- WHAT YOU SHOULD DO:
In the listing below, tally the lines that hold "Hproper" and report that number by itself.
★ ★ ★
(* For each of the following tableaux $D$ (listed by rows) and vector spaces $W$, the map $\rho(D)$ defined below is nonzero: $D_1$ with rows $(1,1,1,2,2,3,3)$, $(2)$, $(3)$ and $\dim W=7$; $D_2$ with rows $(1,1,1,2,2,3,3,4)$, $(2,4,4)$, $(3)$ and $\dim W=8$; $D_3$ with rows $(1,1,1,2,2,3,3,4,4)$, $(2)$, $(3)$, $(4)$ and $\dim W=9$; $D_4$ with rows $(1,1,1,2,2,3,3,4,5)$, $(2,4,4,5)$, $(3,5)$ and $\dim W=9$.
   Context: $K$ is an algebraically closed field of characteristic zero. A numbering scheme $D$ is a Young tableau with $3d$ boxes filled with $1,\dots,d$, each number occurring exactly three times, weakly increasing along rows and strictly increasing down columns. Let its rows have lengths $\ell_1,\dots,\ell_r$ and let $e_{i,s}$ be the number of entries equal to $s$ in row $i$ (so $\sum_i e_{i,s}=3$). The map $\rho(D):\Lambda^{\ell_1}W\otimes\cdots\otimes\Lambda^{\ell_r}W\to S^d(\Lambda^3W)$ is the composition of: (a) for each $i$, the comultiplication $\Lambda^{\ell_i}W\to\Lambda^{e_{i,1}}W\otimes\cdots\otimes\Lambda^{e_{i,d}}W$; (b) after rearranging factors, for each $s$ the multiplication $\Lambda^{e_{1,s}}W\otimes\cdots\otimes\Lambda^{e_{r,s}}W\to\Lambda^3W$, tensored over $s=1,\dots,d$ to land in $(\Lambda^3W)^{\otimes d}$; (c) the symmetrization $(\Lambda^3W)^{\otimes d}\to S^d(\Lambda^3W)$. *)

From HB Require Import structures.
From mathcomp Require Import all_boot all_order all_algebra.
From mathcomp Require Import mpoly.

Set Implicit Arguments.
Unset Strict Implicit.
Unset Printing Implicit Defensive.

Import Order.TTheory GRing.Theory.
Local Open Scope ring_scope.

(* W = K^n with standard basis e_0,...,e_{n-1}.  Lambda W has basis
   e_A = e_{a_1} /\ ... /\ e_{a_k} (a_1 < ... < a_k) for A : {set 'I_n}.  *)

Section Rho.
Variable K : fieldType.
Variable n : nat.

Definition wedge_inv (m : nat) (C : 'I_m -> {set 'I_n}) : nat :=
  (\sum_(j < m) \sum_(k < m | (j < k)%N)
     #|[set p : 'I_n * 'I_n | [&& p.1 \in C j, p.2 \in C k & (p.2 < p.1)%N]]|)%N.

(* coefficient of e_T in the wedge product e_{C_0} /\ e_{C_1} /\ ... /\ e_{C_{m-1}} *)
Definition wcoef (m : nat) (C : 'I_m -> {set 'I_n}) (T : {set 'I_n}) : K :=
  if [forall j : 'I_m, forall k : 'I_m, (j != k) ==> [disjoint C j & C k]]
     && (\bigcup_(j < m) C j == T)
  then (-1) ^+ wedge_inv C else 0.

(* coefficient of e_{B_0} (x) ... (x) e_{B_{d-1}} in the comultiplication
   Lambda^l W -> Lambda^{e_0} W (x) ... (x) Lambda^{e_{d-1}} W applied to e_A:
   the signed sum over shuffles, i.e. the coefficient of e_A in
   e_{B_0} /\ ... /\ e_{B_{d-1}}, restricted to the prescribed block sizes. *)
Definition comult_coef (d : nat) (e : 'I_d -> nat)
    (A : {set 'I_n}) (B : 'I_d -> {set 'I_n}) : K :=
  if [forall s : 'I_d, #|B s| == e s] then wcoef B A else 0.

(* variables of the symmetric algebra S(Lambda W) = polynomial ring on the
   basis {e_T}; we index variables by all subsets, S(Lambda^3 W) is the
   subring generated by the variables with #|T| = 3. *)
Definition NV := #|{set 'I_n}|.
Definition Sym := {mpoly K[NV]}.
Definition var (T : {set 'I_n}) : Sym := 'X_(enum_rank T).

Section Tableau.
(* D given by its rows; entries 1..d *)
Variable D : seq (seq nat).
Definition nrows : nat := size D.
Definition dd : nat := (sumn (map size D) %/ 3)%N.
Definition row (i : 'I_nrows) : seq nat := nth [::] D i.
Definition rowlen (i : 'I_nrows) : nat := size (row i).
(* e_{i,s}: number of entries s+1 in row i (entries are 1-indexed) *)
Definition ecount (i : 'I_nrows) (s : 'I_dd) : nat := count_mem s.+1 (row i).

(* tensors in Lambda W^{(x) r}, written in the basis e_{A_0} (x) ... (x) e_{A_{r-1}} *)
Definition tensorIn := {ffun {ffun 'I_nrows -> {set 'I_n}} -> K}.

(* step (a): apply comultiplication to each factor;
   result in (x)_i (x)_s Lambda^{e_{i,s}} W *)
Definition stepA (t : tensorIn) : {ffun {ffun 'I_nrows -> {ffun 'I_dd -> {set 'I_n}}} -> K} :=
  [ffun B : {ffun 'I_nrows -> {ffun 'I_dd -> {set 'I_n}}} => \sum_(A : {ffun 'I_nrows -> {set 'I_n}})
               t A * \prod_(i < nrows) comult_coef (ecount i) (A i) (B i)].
★ ★ ★
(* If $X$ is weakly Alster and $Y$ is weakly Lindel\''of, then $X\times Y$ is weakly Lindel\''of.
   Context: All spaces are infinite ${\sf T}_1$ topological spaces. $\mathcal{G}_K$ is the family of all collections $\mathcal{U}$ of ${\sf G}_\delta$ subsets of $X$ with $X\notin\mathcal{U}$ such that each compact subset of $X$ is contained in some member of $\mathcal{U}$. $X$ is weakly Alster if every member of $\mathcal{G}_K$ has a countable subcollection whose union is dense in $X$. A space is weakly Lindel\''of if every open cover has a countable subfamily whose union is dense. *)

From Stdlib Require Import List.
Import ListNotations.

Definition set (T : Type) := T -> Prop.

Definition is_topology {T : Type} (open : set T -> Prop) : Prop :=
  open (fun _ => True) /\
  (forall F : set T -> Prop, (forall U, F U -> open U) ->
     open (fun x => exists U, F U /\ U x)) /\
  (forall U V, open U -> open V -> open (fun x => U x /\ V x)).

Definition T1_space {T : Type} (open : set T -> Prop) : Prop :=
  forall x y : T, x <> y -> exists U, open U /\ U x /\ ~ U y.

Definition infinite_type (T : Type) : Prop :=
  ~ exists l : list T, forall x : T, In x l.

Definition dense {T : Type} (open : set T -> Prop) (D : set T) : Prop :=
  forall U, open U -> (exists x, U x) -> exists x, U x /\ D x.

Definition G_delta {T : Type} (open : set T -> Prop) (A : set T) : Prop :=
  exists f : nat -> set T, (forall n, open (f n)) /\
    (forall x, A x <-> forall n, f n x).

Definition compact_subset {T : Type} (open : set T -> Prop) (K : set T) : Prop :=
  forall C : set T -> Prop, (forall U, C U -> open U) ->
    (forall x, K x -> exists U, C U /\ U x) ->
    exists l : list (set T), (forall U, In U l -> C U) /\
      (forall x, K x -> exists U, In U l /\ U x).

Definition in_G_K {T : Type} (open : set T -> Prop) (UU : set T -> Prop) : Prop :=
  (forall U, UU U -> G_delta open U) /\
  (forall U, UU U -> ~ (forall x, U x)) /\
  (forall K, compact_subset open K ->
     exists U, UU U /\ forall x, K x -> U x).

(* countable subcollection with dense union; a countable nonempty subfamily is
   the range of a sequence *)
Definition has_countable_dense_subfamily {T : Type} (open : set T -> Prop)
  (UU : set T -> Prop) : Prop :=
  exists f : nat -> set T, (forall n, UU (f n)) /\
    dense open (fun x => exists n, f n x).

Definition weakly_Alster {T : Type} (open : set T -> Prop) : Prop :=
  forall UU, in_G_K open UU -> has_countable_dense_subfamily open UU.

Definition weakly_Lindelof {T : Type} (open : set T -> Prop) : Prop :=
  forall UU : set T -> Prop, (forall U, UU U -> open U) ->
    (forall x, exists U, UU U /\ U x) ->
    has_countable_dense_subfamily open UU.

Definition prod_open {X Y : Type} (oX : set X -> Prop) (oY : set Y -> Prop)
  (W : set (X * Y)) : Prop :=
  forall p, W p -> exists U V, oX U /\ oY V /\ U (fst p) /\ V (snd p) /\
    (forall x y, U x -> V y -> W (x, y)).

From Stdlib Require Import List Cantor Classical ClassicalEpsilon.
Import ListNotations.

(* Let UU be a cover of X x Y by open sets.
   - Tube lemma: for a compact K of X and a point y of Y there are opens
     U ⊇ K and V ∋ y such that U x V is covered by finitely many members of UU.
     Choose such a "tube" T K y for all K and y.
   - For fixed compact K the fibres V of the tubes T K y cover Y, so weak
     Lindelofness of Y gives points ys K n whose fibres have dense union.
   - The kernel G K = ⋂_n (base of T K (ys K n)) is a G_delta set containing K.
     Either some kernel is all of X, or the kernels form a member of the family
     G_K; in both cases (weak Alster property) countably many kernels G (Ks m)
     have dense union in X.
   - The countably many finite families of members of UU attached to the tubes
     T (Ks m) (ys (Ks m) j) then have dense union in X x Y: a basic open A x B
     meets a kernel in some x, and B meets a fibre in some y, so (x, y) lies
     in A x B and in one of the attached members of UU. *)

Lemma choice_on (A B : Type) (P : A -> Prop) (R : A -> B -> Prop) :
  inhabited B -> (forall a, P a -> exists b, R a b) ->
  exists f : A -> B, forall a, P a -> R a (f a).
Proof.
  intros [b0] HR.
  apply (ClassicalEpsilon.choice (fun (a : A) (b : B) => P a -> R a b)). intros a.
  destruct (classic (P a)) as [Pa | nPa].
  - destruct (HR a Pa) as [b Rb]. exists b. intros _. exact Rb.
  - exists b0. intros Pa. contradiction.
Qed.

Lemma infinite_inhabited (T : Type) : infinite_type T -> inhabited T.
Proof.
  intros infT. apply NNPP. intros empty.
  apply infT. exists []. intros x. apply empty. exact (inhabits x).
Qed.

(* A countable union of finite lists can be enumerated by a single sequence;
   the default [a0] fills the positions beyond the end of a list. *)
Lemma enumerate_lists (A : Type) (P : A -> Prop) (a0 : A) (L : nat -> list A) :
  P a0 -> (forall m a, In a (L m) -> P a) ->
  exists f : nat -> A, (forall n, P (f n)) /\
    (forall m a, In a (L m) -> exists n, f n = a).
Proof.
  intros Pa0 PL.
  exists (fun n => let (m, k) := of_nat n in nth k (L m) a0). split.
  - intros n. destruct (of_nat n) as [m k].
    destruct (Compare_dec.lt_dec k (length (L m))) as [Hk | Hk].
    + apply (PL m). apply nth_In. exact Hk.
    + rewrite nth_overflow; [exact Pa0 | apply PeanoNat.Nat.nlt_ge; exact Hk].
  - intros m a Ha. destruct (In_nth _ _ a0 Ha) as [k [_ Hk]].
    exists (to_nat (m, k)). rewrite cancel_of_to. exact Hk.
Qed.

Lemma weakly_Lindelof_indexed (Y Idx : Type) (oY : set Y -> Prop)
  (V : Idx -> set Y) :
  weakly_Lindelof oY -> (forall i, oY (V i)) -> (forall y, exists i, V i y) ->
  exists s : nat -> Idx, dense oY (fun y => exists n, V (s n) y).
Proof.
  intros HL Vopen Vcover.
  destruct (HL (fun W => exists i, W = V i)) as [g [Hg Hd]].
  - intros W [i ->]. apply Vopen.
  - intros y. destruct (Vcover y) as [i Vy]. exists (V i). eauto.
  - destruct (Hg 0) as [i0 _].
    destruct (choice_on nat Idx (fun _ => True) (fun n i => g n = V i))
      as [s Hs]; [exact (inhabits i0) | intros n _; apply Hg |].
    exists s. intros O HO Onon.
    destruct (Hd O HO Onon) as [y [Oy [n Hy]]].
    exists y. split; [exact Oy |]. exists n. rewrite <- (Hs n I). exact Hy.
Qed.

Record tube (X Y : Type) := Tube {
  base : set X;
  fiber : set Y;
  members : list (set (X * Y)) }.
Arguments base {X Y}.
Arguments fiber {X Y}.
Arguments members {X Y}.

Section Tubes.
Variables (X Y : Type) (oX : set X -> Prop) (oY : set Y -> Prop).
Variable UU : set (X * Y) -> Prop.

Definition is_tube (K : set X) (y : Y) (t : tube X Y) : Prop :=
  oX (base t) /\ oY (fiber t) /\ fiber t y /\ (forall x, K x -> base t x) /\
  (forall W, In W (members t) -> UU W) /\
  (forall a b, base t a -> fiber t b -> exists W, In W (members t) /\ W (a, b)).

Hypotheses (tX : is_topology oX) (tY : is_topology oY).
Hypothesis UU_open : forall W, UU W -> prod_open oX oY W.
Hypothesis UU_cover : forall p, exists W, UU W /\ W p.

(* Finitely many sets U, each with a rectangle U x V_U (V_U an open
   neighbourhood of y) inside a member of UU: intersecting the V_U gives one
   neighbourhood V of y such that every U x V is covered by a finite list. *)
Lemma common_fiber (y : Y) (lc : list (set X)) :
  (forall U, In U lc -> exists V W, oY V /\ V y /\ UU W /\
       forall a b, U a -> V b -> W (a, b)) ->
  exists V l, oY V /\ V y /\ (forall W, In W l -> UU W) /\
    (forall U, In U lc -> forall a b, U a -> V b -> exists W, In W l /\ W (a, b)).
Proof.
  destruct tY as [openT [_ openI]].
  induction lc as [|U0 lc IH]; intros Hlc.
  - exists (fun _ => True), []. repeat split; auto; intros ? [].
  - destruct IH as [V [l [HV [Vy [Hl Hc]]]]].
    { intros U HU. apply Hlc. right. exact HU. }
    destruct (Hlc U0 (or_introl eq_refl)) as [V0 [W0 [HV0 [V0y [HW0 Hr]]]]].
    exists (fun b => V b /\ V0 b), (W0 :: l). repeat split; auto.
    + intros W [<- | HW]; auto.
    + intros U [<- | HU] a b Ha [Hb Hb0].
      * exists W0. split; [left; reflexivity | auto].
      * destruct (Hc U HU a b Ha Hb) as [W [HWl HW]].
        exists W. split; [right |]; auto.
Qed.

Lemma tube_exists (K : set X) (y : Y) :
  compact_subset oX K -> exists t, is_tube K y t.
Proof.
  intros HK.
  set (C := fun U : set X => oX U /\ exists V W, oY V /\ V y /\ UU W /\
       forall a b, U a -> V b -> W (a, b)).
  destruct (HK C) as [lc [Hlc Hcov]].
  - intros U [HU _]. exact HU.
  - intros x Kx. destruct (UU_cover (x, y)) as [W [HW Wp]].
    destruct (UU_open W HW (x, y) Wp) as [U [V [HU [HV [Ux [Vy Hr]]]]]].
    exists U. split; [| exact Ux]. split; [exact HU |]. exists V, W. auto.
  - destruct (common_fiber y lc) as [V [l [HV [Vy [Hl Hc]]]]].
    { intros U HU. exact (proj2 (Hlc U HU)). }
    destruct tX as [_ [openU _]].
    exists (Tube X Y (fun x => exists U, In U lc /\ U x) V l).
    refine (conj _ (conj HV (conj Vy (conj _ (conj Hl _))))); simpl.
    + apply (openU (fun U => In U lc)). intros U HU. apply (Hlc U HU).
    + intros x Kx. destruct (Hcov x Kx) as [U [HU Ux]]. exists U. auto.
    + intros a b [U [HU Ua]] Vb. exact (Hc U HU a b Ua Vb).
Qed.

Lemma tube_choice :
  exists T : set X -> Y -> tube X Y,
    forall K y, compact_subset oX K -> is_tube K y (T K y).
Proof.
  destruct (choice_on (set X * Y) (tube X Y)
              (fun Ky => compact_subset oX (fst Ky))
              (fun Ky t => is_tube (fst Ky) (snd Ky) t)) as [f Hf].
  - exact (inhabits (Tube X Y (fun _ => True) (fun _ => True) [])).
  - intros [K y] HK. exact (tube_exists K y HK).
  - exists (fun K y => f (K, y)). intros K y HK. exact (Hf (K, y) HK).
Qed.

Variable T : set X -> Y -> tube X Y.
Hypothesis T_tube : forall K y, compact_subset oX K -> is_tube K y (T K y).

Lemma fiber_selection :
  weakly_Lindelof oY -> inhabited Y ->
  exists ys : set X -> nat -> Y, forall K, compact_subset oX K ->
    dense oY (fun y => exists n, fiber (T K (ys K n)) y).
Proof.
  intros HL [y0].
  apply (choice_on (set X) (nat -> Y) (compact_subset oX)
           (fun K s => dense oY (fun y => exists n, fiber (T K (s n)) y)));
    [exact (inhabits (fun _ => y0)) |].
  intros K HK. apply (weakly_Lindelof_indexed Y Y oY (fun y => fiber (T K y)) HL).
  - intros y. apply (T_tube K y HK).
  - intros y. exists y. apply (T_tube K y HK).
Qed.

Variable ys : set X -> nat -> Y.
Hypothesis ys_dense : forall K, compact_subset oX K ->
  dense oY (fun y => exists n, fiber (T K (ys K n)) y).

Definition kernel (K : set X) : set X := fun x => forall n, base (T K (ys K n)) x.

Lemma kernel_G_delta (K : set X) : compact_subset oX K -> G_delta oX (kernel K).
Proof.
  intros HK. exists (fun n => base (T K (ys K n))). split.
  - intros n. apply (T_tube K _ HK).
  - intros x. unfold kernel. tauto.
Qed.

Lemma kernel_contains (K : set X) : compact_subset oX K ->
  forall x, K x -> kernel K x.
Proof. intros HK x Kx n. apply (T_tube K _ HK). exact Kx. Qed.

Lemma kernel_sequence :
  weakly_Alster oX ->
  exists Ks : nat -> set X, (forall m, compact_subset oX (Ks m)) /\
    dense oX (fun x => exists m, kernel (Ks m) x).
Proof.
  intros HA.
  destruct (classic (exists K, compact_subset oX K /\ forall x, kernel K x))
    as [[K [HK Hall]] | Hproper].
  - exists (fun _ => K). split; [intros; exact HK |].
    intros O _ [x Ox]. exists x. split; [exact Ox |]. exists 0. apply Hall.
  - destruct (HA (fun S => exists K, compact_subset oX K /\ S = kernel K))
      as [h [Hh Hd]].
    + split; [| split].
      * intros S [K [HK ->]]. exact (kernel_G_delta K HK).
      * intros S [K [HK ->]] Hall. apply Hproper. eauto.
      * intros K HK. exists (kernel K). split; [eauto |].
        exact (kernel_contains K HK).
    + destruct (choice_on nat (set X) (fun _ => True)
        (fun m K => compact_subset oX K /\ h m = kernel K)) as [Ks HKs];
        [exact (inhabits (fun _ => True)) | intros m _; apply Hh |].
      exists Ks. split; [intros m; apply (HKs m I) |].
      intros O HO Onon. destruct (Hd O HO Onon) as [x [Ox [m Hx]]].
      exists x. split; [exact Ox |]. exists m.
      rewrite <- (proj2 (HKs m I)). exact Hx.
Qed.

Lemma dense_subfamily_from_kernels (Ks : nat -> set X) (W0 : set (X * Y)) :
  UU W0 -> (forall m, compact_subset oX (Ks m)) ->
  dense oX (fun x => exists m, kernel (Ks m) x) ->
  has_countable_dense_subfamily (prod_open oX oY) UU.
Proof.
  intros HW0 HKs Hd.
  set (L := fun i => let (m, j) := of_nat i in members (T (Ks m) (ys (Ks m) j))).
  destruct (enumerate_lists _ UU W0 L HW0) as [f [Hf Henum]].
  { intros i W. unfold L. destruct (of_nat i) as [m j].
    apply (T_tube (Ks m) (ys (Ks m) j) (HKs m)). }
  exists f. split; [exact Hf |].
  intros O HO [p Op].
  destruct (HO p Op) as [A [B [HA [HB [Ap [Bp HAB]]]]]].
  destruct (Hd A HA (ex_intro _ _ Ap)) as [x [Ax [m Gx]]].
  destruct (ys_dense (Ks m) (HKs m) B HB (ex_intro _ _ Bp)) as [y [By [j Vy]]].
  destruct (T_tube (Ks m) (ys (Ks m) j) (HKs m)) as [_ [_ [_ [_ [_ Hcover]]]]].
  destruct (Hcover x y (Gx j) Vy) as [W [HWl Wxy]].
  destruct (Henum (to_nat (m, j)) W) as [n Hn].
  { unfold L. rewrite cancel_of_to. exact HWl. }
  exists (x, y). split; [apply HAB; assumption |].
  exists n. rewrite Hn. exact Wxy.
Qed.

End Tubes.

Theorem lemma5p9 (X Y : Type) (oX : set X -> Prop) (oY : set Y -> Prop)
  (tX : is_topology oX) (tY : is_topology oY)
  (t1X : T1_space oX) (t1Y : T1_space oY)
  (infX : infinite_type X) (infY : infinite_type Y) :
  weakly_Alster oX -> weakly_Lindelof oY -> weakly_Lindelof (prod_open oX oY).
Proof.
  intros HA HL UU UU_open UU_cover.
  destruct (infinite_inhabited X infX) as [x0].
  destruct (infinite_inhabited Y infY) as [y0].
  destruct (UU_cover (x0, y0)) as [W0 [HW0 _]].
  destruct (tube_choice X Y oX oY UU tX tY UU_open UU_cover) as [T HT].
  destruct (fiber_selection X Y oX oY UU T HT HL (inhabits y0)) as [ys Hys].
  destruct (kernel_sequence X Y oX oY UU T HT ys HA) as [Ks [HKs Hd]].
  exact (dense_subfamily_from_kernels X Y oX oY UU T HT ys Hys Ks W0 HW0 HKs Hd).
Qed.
★ ★ ★
- REPLY TO THE EXERCISE:
2